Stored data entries
>>>
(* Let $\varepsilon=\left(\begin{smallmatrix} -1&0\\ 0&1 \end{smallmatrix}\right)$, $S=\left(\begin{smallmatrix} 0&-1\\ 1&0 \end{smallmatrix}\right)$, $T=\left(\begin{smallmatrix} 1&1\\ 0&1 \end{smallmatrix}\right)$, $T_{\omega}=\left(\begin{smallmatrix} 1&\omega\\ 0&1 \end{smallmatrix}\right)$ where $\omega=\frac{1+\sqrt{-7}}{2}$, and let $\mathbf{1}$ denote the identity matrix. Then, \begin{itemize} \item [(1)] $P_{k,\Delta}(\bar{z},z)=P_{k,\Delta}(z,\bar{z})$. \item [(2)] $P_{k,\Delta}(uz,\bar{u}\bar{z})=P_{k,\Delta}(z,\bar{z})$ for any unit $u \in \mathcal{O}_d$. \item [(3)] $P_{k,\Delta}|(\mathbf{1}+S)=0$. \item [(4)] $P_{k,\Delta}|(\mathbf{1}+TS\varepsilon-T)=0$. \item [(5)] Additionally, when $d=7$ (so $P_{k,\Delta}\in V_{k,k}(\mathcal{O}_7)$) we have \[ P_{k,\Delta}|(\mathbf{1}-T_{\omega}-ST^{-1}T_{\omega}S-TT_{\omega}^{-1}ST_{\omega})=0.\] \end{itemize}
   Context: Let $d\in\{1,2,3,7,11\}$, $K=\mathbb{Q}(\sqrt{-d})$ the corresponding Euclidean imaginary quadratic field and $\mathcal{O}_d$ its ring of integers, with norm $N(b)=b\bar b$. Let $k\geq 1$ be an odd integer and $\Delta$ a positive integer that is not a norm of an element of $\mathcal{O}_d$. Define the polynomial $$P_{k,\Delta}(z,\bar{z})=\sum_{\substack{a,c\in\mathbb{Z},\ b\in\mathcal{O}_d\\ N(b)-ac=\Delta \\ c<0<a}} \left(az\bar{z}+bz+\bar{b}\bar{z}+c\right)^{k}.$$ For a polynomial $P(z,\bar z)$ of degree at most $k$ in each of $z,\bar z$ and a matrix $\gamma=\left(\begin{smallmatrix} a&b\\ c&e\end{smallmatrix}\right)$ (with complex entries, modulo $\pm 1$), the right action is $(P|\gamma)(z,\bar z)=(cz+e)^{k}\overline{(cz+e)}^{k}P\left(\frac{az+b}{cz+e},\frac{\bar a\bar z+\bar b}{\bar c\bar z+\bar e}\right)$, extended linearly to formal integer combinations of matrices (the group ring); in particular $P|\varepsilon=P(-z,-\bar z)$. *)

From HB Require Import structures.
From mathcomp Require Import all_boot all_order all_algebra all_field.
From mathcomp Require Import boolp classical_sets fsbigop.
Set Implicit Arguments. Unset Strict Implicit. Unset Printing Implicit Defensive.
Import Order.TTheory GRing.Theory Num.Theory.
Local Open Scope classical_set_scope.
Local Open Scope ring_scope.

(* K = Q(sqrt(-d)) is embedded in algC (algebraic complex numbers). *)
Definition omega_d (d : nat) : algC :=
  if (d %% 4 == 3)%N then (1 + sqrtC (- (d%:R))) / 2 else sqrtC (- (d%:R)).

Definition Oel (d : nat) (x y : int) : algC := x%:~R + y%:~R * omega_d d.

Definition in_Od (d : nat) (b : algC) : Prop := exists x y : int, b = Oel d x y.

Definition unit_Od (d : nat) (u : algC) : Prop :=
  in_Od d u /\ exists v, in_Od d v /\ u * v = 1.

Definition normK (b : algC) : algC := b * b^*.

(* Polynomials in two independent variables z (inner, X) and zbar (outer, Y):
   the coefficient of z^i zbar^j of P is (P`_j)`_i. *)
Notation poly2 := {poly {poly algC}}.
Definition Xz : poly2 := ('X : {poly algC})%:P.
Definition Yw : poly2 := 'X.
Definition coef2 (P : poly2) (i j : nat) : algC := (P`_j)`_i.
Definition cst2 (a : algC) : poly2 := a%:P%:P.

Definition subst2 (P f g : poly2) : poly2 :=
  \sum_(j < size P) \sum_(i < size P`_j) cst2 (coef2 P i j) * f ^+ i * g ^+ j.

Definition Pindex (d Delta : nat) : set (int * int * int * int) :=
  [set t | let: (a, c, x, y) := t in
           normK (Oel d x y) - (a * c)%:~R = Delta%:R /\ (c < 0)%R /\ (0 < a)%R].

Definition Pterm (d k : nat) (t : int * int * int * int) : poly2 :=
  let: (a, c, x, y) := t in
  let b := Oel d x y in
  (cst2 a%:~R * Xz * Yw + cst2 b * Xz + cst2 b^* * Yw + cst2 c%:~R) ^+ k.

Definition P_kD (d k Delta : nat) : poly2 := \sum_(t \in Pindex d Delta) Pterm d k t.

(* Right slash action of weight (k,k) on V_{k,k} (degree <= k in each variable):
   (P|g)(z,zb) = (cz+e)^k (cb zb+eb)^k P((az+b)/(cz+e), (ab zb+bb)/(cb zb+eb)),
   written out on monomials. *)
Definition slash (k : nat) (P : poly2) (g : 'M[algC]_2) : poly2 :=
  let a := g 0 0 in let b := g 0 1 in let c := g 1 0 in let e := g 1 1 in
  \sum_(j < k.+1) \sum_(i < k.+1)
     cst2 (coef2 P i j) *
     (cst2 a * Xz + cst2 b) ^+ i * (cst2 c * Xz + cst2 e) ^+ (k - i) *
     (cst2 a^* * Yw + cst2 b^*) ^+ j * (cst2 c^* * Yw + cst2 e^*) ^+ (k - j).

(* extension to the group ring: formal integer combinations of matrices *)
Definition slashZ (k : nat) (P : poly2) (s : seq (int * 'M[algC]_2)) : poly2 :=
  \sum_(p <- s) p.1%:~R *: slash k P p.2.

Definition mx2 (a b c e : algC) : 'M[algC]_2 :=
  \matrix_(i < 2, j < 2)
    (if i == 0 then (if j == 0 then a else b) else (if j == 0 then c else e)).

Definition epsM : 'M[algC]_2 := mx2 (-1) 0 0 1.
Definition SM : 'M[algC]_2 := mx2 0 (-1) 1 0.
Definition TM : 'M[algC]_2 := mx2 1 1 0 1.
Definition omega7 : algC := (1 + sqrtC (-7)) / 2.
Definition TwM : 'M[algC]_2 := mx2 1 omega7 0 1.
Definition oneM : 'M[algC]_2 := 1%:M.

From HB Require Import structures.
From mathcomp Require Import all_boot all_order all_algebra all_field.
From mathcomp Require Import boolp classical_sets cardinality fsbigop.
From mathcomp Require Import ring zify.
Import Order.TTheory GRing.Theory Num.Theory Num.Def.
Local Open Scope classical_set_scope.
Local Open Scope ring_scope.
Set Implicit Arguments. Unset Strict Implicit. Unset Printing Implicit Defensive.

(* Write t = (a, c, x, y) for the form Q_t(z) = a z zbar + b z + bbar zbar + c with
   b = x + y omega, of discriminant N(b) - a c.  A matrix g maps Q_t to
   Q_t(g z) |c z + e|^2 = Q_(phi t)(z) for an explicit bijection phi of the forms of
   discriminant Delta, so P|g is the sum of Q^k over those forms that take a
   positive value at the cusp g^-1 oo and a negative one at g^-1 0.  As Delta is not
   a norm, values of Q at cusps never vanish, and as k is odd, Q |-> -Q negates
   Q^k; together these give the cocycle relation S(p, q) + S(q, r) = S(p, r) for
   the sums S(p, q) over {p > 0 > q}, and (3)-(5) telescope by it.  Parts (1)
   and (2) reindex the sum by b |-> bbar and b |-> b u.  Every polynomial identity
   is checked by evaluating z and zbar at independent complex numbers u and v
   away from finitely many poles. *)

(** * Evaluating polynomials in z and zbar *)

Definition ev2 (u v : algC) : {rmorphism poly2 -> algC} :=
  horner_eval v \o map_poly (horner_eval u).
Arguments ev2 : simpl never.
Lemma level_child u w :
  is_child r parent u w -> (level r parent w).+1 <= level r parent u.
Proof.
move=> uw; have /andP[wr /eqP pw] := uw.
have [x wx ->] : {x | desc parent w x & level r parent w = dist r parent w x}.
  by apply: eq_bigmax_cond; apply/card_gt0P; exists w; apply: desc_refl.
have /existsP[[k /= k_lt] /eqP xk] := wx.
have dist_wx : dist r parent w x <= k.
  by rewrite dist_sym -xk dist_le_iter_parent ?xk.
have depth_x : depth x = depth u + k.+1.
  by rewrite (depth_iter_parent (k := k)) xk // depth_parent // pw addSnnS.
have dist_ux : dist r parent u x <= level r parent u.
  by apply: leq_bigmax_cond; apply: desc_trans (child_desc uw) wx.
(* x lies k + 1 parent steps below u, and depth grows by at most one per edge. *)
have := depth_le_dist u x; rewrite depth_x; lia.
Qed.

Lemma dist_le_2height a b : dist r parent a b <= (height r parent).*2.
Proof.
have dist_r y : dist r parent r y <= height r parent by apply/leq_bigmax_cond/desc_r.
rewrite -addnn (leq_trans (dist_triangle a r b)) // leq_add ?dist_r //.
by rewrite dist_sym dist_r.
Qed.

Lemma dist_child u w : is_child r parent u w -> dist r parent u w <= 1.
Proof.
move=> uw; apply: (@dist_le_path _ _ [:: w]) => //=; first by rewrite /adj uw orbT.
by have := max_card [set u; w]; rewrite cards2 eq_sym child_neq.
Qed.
<<<
_Task goal_: Once the line with "horner_eval v \o map_poly (horner_eval u)." is found, write out that line and every one after it through the last line of the records, exactly and with nothing else.

_Answer to the problem_:
  horner_eval v \o map_poly (horner_eval u).
Arguments ev2 : simpl never.
Lemma level_child u w :
  is_child r parent u w -> (level r parent w).+1 <= level r parent u.
Proof.
move=> uw; have /andP[wr /eqP pw] := uw.
have [x wx ->] : {x | desc parent w x & level r parent w = dist r parent w x}.
  by apply: eq_bigmax_cond; apply/card_gt0P; exists w; apply: desc_refl.
have /existsP[[k /= k_lt] /eqP xk] := wx.
have dist_wx : dist r parent w x <= k.
  by rewrite dist_sym -xk dist_le_iter_parent ?xk.
have depth_x : depth x = depth u + k.+1.
  by rewrite (depth_iter_parent (k := k)) xk // depth_parent // pw addSnnS.
have dist_ux : dist r parent u x <= level r parent u.
  by apply: leq_bigmax_cond; apply: desc_trans (child_desc uw) wx.
(* x lies k + 1 parent steps below u, and depth grows by at most one per edge. *)
have := depth_le_dist u x; rewrite depth_x; lia.
Qed.

Lemma dist_le_2height a b : dist r parent a b <= (height r parent).*2.
Proof.
have dist_r y : dist r parent r y <= height r parent by apply/leq_bigmax_cond/desc_r.
rewrite -addnn (leq_trans (dist_triangle a r b)) // leq_add ?dist_r //.
by rewrite dist_sym dist_r.
Qed.

Lemma dist_child u w : is_child r parent u w -> dist r parent u w <= 1.
Proof.
move=> uw; apply: (@dist_le_path _ _ [:: w]) => //=; first by rewrite /adj uw orbT.
by have := max_card [set u; w]; rewrite cards2 eq_sym child_neq.
Qed.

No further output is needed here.